Supplied data:
Lemma fixpart_subgroup pi : subgroup (fixpart pi).
Proof.
split=> [|k1 k2 [K1 H1] [K2 H2]]; first exact: fixpart_of_H.
split; first exact: (comb_closed_sub K_comb K1 K2).
by apply: comb_closed_sub H_comb H1 H2 _ => x /=; rewrite raddfB subr_interchange.
Qed.

Lemma fixpart_id k : fixpart idfun k <-> K k.
Proof.
split=> [[]//|Kk]; split=> //.
by apply: H_pointwise_zero => x; exact: subrr.
Qed.

Lemma fixpart_image pi k :
  (forall a, pi (pi a) = pi a) -> K k -> fixpart pi (fun x => pi (k x)).
Proof.
move=> pi_idem Kk; split; first exact: (comb_closed_map pi K_comb Kk).
by apply: H_pointwise_zero => x; rewrite pi_idem subrr.
Qed.

Lemma fixpart_inter pi rho k : (forall a, pi a + rho a = a) ->
  fixpart pi k -> fixpart rho k -> H k.
Proof.
move=> pi_rho [_ Hpi] [_ Hrho]; apply: comb_closed_add H_comb Hpi Hrho _ => x.
set a := k x.
have -> : a - pi a = rho a by rewrite -{1}(pi_rho a) addrC addKr.
by rewrite addrC addrNK.
Qed.

Lemma fixpart_bounded (B : A -> Prop) m pi : (forall a, B (pi a)) ->
  sq_bounded m B (@zero_sg A) -> sq_bounded m (fixpart pi) H.
Proof.
move=> Bpi bddB k [_ Hk]; apply: (comb_closed_map (natmul_additive A m) H_comb Hk) => x.
by rewrite natmulfctE /= mulrnBl (bddB _ (Bpi (k x))) subr0.
Qed.

(* If pi is a projection onto a uniquely divisible U, the fixed part of pi_*
   is uniquely divisible: divide pointwise by the division map of U. *)
Lemma fixpart_uniq_div (U : A -> Prop) pi : subgroup U -> sq_uniq_div U (@zero_sg A) ->
  (forall a, U (pi a)) -> (forall u, U u -> pi u = u) -> sq_uniq_div (fixpart pi) H.
Proof.
move=> sU udU Upi pi_fix n n0.
have [phi [Uphi phiE phinE]] := division_map n0 sU udU Upi.
split=> [k [Kk Hk] | k1 k2 [_ H1] [_ H2] Hn].
  exists (fun x => phi (k x)); split.
    split; first exact: (comb_closed_map phi K_comb Kk).
    by apply: H_pointwise_zero => x; rewrite pi_fix ?subrr.
  apply: (comb_closed_map -%R H_comb Hk) => x.
  by rewrite natmulfctE !fctE /= phiE opprB.
have HU : H (fun x => pi (k1 x) - pi (k2 x)).
  by apply: (comb_closed_map phi H_comb Hn) => x; rewrite !natmulfctE /= raddfB !phinE.
have HB : H (fun x => (k1 x - pi (k1 x)) - (k2 x - pi (k2 x))).
  exact: (comb_closed_sub H_comb H1 H2).
apply: (comb_closed_add H_comb HU HB) => x; rewrite !fctE.
by rewrite -subr_interchange [RHS]addrC addrNK.
Qed.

Task prompt: A single figure is the whole answer: the number of lines in the material above that contain "divisible".

Answer below: 2